++++ SUPPLIED MATERIAL ++++

(* Let $(X,\mathcal A,\mu,\mu^{\otimes2},R,I,\Pi_R,G,E_0,\eta)$ be a pre-structural datum satisfying Axioms I and II, with $\mu(X)\le M<\infty$, and let $\eta\in[0,1)$. Let $\mathcal B$ be the Banach space of bounded finitely additive real-valued set functions $f:\mathcal A\to\mathbb R$ with norm $\|f\|_\infty=\sup_{B\in\mathcal A}|f(B)|$, and define $T_\eta:\mathcal B\to\mathcal B$ by $(T_\eta f)(B)=\mu(B)+\eta\,f(\Pi_R^{-1}(B))$ for $B\in\mathcal A$. Then the equation $f=T_\eta f$ has a unique solution $f_*\in\mathcal B$, given by \[f_*(B)=\mu(B)+\frac{\eta}{1-\eta}\,\mu(\Pi_R^{-1}(B))\qquad(B\in\mathcal A).\] Moreover $f_*\ge 0$ on $\mathcal A$, and for every $f_0\in\mathcal B$ the iterates $f_n:=T_\eta^n f_0$ satisfy $\|f_n-f_*\|_\infty\le\eta^n\|f_0-f_*\|_\infty$, so $f_n\to f_*$ in norm.
   Context: For a nonempty set $X$, an algebra $\mathcal A\subseteq\mathcal P(X)$ contains $\varnothing,X$ and is closed under finite unions and complements. A finitely additive measure $\mu:\mathcal A\to[0,\infty)$ satisfies $\mu(\varnothing)=0$ and $\mu(B_1\sqcup B_2)=\mu(B_1)+\mu(B_2)$ for disjoint $B_1,B_2\in\mathcal A$. $\mathcal A\otimes\mathcal A$ denotes the algebra generated by rectangles $B_1\times B_2$, $B_i\in\mathcal A$. For relations $H,K\subseteq X\times X$, $H\circ K=\{(x,z):\exists y\,(x,y)\in H,(y,z)\in K\}$. A pre-structural datum is a tuple $(X,\mathcal A,\mu,\mu^{\otimes2},R,I,\Pi_R,G,E_0,\eta)$ where: $X$ nonempty; $\mathcal A$ an algebra on $X$; $\mu$ a finitely additive measure on $\mathcal A$; $\mu^{\otimes2}:\mathcal A\otimes\mathcal A\to[0,\infty)$ finitely additive with $\mu^{\otimes2}(B_1\times B_2)=\mu(B_1)\mu(B_2)$; $R,I\in\mathcal A$ disjoint; $\Pi_R:X\to R$ a map; $G\in\mathcal A\otimes\mathcal A$; $E_0\in(0,\infty)$; $\eta\in[0,1]$. Axiom I: $\Pi_R\circ\Pi_R=\Pi_R$, $\Pi_R(r)=r$ for all $r\in R$, and $\Pi_R^{-1}(B)\in\mathcal A$ for every $B\in\mathcal A$ with $B\subseteq R$ (hence $\Pi_R^{-1}(B)=\Pi_R^{-1}(B\cap R)\in\mathcal A$ for all $B\in\mathcal A$). Axiom II: $G$ is reflexive, symmetric, and $G\circ G=G$. *)

From Stdlib Require Import Reals.
From Coquelicot Require Import Coquelicot.
Open Scope R_scope.

Definition set (T : Type) := T -> Prop.
Definition setU {T} (A B : set T) : set T := fun x => A x \/ B x.
Definition setC {T} (A : set T) : set T := fun x => ~ A x.
Definition set0 {T} : set T := fun _ => False.
Definition setT {T} : set T := fun _ => True.
Definition disjoint {T} (A B : set T) : Prop := forall x, A x -> B x -> False.
Definition subset {T} (A B : set T) : Prop := forall x, A x -> B x.
Definition preimage {T U} (f : T -> U) (B : set U) : set T := fun x => B (f x).

Definition is_algebra {T} (A : set (set T)) : Prop :=
  A set0 /\ A setT /\
  (forall B1 B2, A B1 -> A B2 -> A (setU B1 B2)) /\
  (forall B, A B -> A (setC B)).

Definition fa_measure {T} (A : set (set T)) (mu : set T -> R) : Prop :=
  (forall B, A B -> 0 <= mu B) /\ mu set0 = 0 /\
  (forall B1 B2, A B1 -> A B2 -> disjoint B1 B2 ->
     mu (setU B1 B2) = mu B1 + mu B2).

Definition rectangle {X} (B1 B2 : set X) : set (X * X) :=
  fun p => B1 (fst p) /\ B2 (snd p).
Definition prod_algebra {X} (A : set (set X)) : set (set (X * X)) :=
  fun C => forall (F : set (set (X * X))), is_algebra F ->
     (forall B1 B2, A B1 -> A B2 -> F (rectangle B1 B2)) -> F C.

Definition rel_comp {X} (H K : set (X * X)) : set (X * X) :=
  fun p => exists y, H (fst p, y) /\ K (y, snd p).

(* Pre-structural datum (X, A, mu, mu2, Rset, Iset, Pi, G, E0, eta);
   Pi : X -> R is encoded as Pi : X -> X with values in Rset. *)
Definition pre_structural_datum {X : Type} (A : set (set X)) (mu : set X -> R)
  (mu2 : set (X * X) -> R) (Rset Iset : set X) (Pi : X -> X)
  (G : set (X * X)) (E0 eta : R) : Prop :=
  is_algebra A /\ fa_measure A mu /\
  fa_measure (prod_algebra A) mu2 /\
  (forall B1 B2, A B1 -> A B2 -> mu2 (rectangle B1 B2) = mu B1 * mu B2) /\
  A Rset /\ A Iset /\ disjoint Rset Iset /\
  (forall x, Rset (Pi x)) /\
  prod_algebra A G /\ 0 < E0 /\ 0 <= eta <= 1.

Definition axiom_I {X : Type} (A : set (set X)) (Rset : set X) (Pi : X -> X) :=
  (forall x, Pi (Pi x) = Pi x) /\
  (forall r, Rset r -> Pi r = r) /\
  (forall B, A B -> subset B Rset -> A (preimage Pi B)).

Definition axiom_II {X : Type} (G : set (X * X)) :=
  (forall x, G (x, x)) /\
  (forall x y, G (x, y) -> G (y, x)) /\
  (forall p, rel_comp G G p <-> G p).

(* The space B: bounded finitely additive real set functions on A.
   Elements are represented as functions on all subsets; only their
   values on A matter. *)
Definition in_Bspace {X} (A : set (set X)) (f : set X -> R) : Prop :=
  (exists C, forall B, A B -> Rabs (f B) <= C) /\
  (forall B1 B2, A B1 -> A B2 -> disjoint B1 B2 ->
     f (setU B1 B2) = f B1 + f B2).

Definition supnorm {X} (A : set (set X)) (f : set X -> R) : R :=
  real (Lub_Rbar (fun r => exists B, A B /\ r = Rabs (f B))).

Definition T_op {X} (mu : set X -> R) (Pi : X -> X) (eta : R)
  (f : set X -> R) : set X -> R :=
  fun B => mu B + eta * f (preimage Pi B).

Definition T_iter {X} (mu : set X -> R) (Pi : X -> X) (eta : R)
  (n : nat) (f0 : set X -> R) : set X -> R :=
  Nat.iter n (T_op mu Pi eta) f0.

(** Since [Pi] is idempotent, [Pi^-1 (Pi^-1 B) = Pi^-1 B], so the fixed-point
    equation evaluated at [Pi^-1 B] reads [f (Pi^-1 B) = mu (Pi^-1 B) + eta f (Pi^-1 B)];
    this determines [f (Pi^-1 B)] and then [f B].  Because [T_eta f - T_eta g] is
    [eta] times [f - g] composed with [Pi^-1], and the algebra is closed under
    [Pi^-1] (via [B |-> B ∩ R]), [T_eta] is an [eta]-contraction in the sup norm. *)
From Stdlib Require Import Reals Lra Classical FunctionalExtensionality PropExtensionality.
From Coquelicot Require Import Coquelicot.
Open Scope R_scope.

Lemma set_ext {T} (B1 B2 : set T) : (forall x, B1 x <-> B2 x) -> B1 = B2.
Proof.
  intro H. extensionality x. apply propositional_extensionality, H.
Qed.

Definition setI {T} (B1 B2 : set T) : set T := fun x => B1 x /\ B2 x.

Lemma algebra_setI {T} (A : set (set T)) (B1 B2 : set T) :
  is_algebra A -> A B1 -> A B2 -> A (setI B1 B2).
Proof.
  intros [_ [_ [AU AC]]] H1 H2.
  replace (setI B1 B2) with (setC (setU (setC B1) (setC B2))).
  - apply AC, AU; apply AC; assumption.
  - apply set_ext. intro x. unfold setI, setC, setU. split.
    + intro H. split; apply NNPP; tauto.
    + tauto.
Qed.

Lemma algebra_preimage_closed {X} (A : set (set X)) (Rset : set X) (Pi : X -> X) :
  is_algebra A -> A Rset -> (forall x, Rset (Pi x)) -> axiom_I A Rset Pi ->
  forall B, A B -> A (preimage Pi B).
Proof.
  intros HA HR HPiR [_ [_ Hpre]] B HB.
  replace (preimage Pi B) with (preimage Pi (setI B Rset)).
  - apply Hpre; [apply algebra_setI; assumption | intros x []; assumption].
  - apply set_ext. intro x. unfold preimage, setI. specialize (HPiR x). tauto.
Qed.

Lemma preimage_idem {X} (Pi : X -> X) (B : set X) :
  (forall x, Pi (Pi x) = Pi x) -> preimage Pi (preimage Pi B) = preimage Pi B.
Proof.
  intro Hidem. extensionality x. unfold preimage. rewrite Hidem. reflexivity.
Qed.

Lemma fa_measure_le_setT {X} (A : set (set X)) (mu : set X -> R) (B : set X) :
  is_algebra A -> fa_measure A mu -> A B -> mu B <= mu setT.
Proof.
  intros HA [Hmu0 [_ Hadd]] HB.
  assert (HBc : A (setC B)) by (apply HA; assumption).
  replace (@setT X) with (setU B (setC B)).
  - rewrite Hadd by (try assumption; intros x H1 H2; exact (H2 H1)).
    pose proof (Hmu0 _ HBc). lra.
  - apply set_ext. intro x. unfold setU, setC, setT. split; [tauto | intros _; apply classic].
Qed.

Section Supnorm.

Context {X : Type}.
Variables (A : set (set X)) (h : set X -> R).

Let image_abs : R -> Prop := fun r => exists B, A B /\ r = Rabs (h B).

Lemma supnorm_le (K : R) :
  (exists B, A B) -> (forall B, A B -> Rabs (h B) <= K) -> supnorm A h <= K.
Proof.
  intros [B0 HB0] HK. unfold supnorm. fold image_abs.
  destruct (Lub_Rbar_correct image_abs) as [Hub Hlub].
  assert (Hle : Rbar_le (Lub_Rbar image_abs) K).
  { apply Hlub. intros r [B [HB ->]]. apply HK, HB. }
  assert (Hge : Rbar_le (Rabs (h B0)) (Lub_Rbar image_abs)) by (apply Hub; exists B0; auto).
  destruct (Lub_Rbar image_abs); simpl in *; auto; contradiction.
Qed.

Lemma Rabs_le_supnorm (C : R) (B : set X) :
  (forall B, A B -> Rabs (h B) <= C) -> A B -> Rabs (h B) <= supnorm A h.
Proof.
  intros HC HB. unfold supnorm. fold image_abs.
  destruct (Lub_Rbar_correct image_abs) as [Hub Hlub].
  assert (Hle : Rbar_le (Lub_Rbar image_abs) C).
  { apply Hlub. intros r [B' [HB' ->]]. apply HC, HB'. }
  assert (Hge : Rbar_le (Rabs (h B)) (Lub_Rbar image_abs)) by (apply Hub; exists B; auto).
  destruct (Lub_Rbar image_abs); simpl in *; auto; contradiction.
Qed.

End Supnorm.

Lemma in_Bspace_sub_bounded {X} (A : set (set X)) (f g : set X -> R) :
  in_Bspace A f -> in_Bspace A g -> exists C, forall B, A B -> Rabs (f B - g B) <= C.
Proof.
  intros [[Cf Hf] _] [[Cg Hg] _]. exists (Cf + Cg). intros B HB.
  pose proof (Rabs_triang (f B) (- g B)) as Htri. rewrite Rabs_Ropp in Htri.
  specialize (Hf B HB). specialize (Hg B HB). unfold Rminus. lra.
Qed.

Lemma is_lim_seq_geom_squeeze (u : nat -> R) (q s : R) :
  Rabs q < 1 -> (forall n, 0 <= u n <= q ^ n * s) -> is_lim_seq u 0.
Proof.
  intros Hq Hu.
  apply is_lim_seq_le_le with (u := fun _ => 0) (w := fun n => q ^ n * s).
  - exact Hu.
  - apply is_lim_seq_const.
  - replace (Finite 0) with (Rbar_mult 0 s) by (simpl; f_equal; ring).
    apply is_lim_seq_scal_r, is_lim_seq_geom, Hq.
Qed.

Section Fixed_point.

Context {X : Type}.
Variables (mu : set X -> R) (Pi : X -> X) (eta : R).

Definition T_fixed : set X -> R :=
  fun B => mu B + eta / (1 - eta) * mu (preimage Pi B).

Hypothesis Pi_idem : forall x, Pi (Pi x) = Pi x.

Section Fixed_point_equation.

Hypothesis eta_neq1 : eta <> 1.

Lemma T_fixed_is_fixed (B : set X) : T_fixed B = T_op mu Pi eta T_fixed B.
Proof.
  unfold T_op, T_fixed. rewrite preimage_idem by exact Pi_idem.
  field. lra.
Qed.

Lemma T_op_fixed_eq_T_fixed (f : set X -> R) (B : set X) :
  f B = T_op mu Pi eta f B ->
  f (preimage Pi B) = T_op mu Pi eta f (preimage Pi B) ->
  f B = T_fixed B.
Proof.
  unfold T_op, T_fixed. rewrite preimage_idem by exact Pi_idem.
  intros HB Hpre.
  assert (Hval : f (preimage Pi B) = mu (preimage Pi B) / (1 - eta)).
  { field_simplify_eq; lra. }
  rewrite HB, Hval. field. lra.
Qed.

End Fixed_point_equation.

Lemma T_op_sub (f g : set X -> R) (B : set X) :
  T_op mu Pi eta f B - T_op mu Pi eta g B = eta * (f (preimage Pi B) - g (preimage Pi B)).
Proof. unfold T_op. ring. Qed.

Variable A : set (set X).
Hypothesis A_preimage : forall B, A B -> A (preimage Pi B).

Lemma T_iter_dist_le (f0 g : set X -> R) (s : R) :
  0 <= eta ->
  (forall B, A B -> g B = T_op mu Pi eta g B) ->
  (forall B, A B -> Rabs (f0 B - g B) <= s) ->
  forall n B, A B -> Rabs (T_iter mu Pi eta n f0 B - g B) <= eta ^ n * s.
Proof.
  intros Heta Hg Hf0 n. induction n as [|n IH]; intros B HB.
  - simpl. rewrite Rmult_1_l. apply Hf0, HB.
  - change (T_iter mu Pi eta (S n) f0 B) with (T_op mu Pi eta (T_iter mu Pi eta n f0) B).
    rewrite (Hg B HB), T_op_sub, Rabs_mult, Rabs_right by lra.
    simpl. rewrite Rmult_assoc.
    apply Rmult_le_compat_l; [exact Heta | apply IH, A_preimage, HB].
Qed.

Hypothesis A_algebra : is_algebra A.
Hypothesis mu_measure : fa_measure A mu.
Hypothesis eta_range : 0 <= eta < 1.

Lemma T_fixed_nonneg (B : set X) : A B -> 0 <= T_fixed B.
Proof.
  intro HB. destruct mu_measure as [Hmu0 _]. unfold T_fixed.
  assert (Hcoef : 0 <= eta / (1 - eta)) by (apply Rdiv_le_0_compat; lra).
  apply Rplus_le_le_0_compat; [| apply Rmult_le_pos]; auto.
Qed.

Lemma T_fixed_le (B : set X) : A B -> T_fixed B <= mu setT / (1 - eta).
Proof.
  intro HB. unfold T_fixed.
  pose proof (fa_measure_le_setT _ _ _ A_algebra mu_measure HB).
  pose proof (fa_measure_le_setT _ _ _ A_algebra mu_measure (A_preimage _ HB)).
  assert (0 <= eta / (1 - eta)) by (apply Rdiv_le_0_compat; lra).
  replace (mu setT / (1 - eta)) with (mu setT + eta / (1 - eta) * mu setT) by (field; lra).
  apply Rplus_le_compat; [assumption | apply Rmult_le_compat_l; assumption].
Qed.

Lemma T_fixed_in_Bspace : in_Bspace A T_fixed.
Proof.
  split.
  - exists (mu setT / (1 - eta)). intros B HB.
    rewrite Rabs_right by (apply Rle_ge, T_fixed_nonneg, HB). apply T_fixed_le, HB.
  - intros B1 B2 H1 H2 Hdisj. destruct mu_measure as [_ [_ Hadd]]. unfold T_fixed.
    change (preimage Pi (setU B1 B2)) with (setU (preimage Pi B1) (preimage Pi B2)).
    assert (Hdisj_pre : disjoint (preimage Pi B1) (preimage Pi B2)) by (intro x; apply Hdisj).
    rewrite !Hadd by auto. ring.
Qed.

Section Iterates.

Variable f0 : set X -> R.
Hypothesis f0_in_Bspace : in_Bspace A f0.

Let dist n : set X -> R := fun B => T_iter mu Pi eta n f0 B - T_fixed B.

Lemma Rabs_T_iter_dist_le n B :
  A B -> Rabs (dist n B) <= eta ^ n * supnorm A (dist 0).
Proof.
  destruct (in_Bspace_sub_bounded A f0 _ f0_in_Bspace T_fixed_in_Bspace) as [C HC].
  apply T_iter_dist_le; [tauto | intros B' _ | intros B' HB'].
  - apply T_fixed_is_fixed; lra.
  - exact (Rabs_le_supnorm A (dist 0) C B' HC HB').
Qed.

Lemma T_iter_supnorm_le n : supnorm A (dist n) <= eta ^ n * supnorm A (dist 0).
Proof.
  apply supnorm_le; [exists set0; apply A_algebra | apply Rabs_T_iter_dist_le].
Qed.

Lemma T_iter_supnorm_cvg : is_lim_seq (fun n => supnorm A (dist n)) 0.
Proof.
  apply is_lim_seq_geom_squeeze with eta (supnorm A (dist 0)).
  - rewrite Rabs_right; lra.
  - intro n. split; [| apply T_iter_supnorm_le].
    apply Rle_trans with (Rabs (dist n set0)); [apply Rabs_pos |].
    apply (Rabs_le_supnorm A _ _ set0 (Rabs_T_iter_dist_le n)), A_algebra.
Qed.

End Iterates.

End Fixed_point.

Theorem theorem4p8 (X : Type) (x0 : X) (A : set (set X)) (mu : set X -> R)
  (mu2 : set (X * X) -> R) (Rset Iset : set X) (Pi : X -> X)
  (G : set (X * X)) (E0 eta M : R) :
  pre_structural_datum A mu mu2 Rset Iset Pi G E0 eta ->
  axiom_I A Rset Pi -> axiom_II G ->
  mu setT <= M -> 0 <= eta < 1 ->
  let fstar : set X -> R :=
    fun B => mu B + eta / (1 - eta) * mu (preimage Pi B) in
  (* existence: f_* lies in B and is a fixed point of T_eta *)
  (in_Bspace A fstar /\ (forall B, A B -> fstar B = T_op mu Pi eta fstar B)) /\
  (* uniqueness in B *)
  (forall f, in_Bspace A f ->
     (forall B, A B -> f B = T_op mu Pi eta f B) ->
     forall B, A B -> f B = fstar B) /\
  (* nonnegativity *)
  (forall B, A B -> 0 <= fstar B) /\
  (* geometric convergence of the iterates *)
  (forall f0, in_Bspace A f0 ->
     (forall n, supnorm A (fun B => T_iter mu Pi eta n f0 B - fstar B)
                <= eta ^ n * supnorm A (fun B => f0 B - fstar B)) /\
     is_lim_seq (fun n => supnorm A (fun B => T_iter mu Pi eta n f0 B - fstar B)) 0).
Proof.
  intros HD HI _ _ Heta fstar. change fstar with (T_fixed mu Pi eta).
  destruct HD as [HA [Hmu [_ [_ [HR [_ [_ [HPiR _]]]]]]]].
  pose proof (algebra_preimage_closed A Rset Pi HA HR HPiR HI) as Hpre.
  destruct HI as [Hidem _].
  assert (Heta1 : eta <> 1) by lra.
  pose proof (T_fixed_in_Bspace mu Pi eta A Hpre HA Hmu Heta) as Hfs.
  split; [split | split; [| split]].
  - exact Hfs.
  - intros B _. apply T_fixed_is_fixed; assumption.
  - intros f _ Hf B HB. apply T_op_fixed_eq_T_fixed; auto.
  - intros B HB. apply (T_fixed_nonneg mu Pi eta A); assumption.
  - intros f0 Hf0. split.
    + exact (T_iter_supnorm_le mu Pi eta Hidem A Hpre HA Hmu Heta f0 Hf0).
    + exact (T_iter_supnorm_cvg mu Pi eta Hidem A Hpre HA Hmu Heta f0 Hf0).
Qed.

++++

| EXERCISE DIRECTIONS |
Could you return the lines in the entries above that contain "Iset"?

| PROBLEM SOLUTION |
(* Pre-structural datum (X, A, mu, mu2, Rset, Iset, Pi, G, E0, eta);
  (mu2 : set (X * X) -> R) (Rset Iset : set X) (Pi : X -> X)
  A Rset /\ A Iset /\ disjoint Rset Iset /\
  (mu2 : set (X * X) -> R) (Rset Iset : set X) (Pi : X -> X)
  pre_structural_datum A mu mu2 Rset Iset Pi G E0 eta ->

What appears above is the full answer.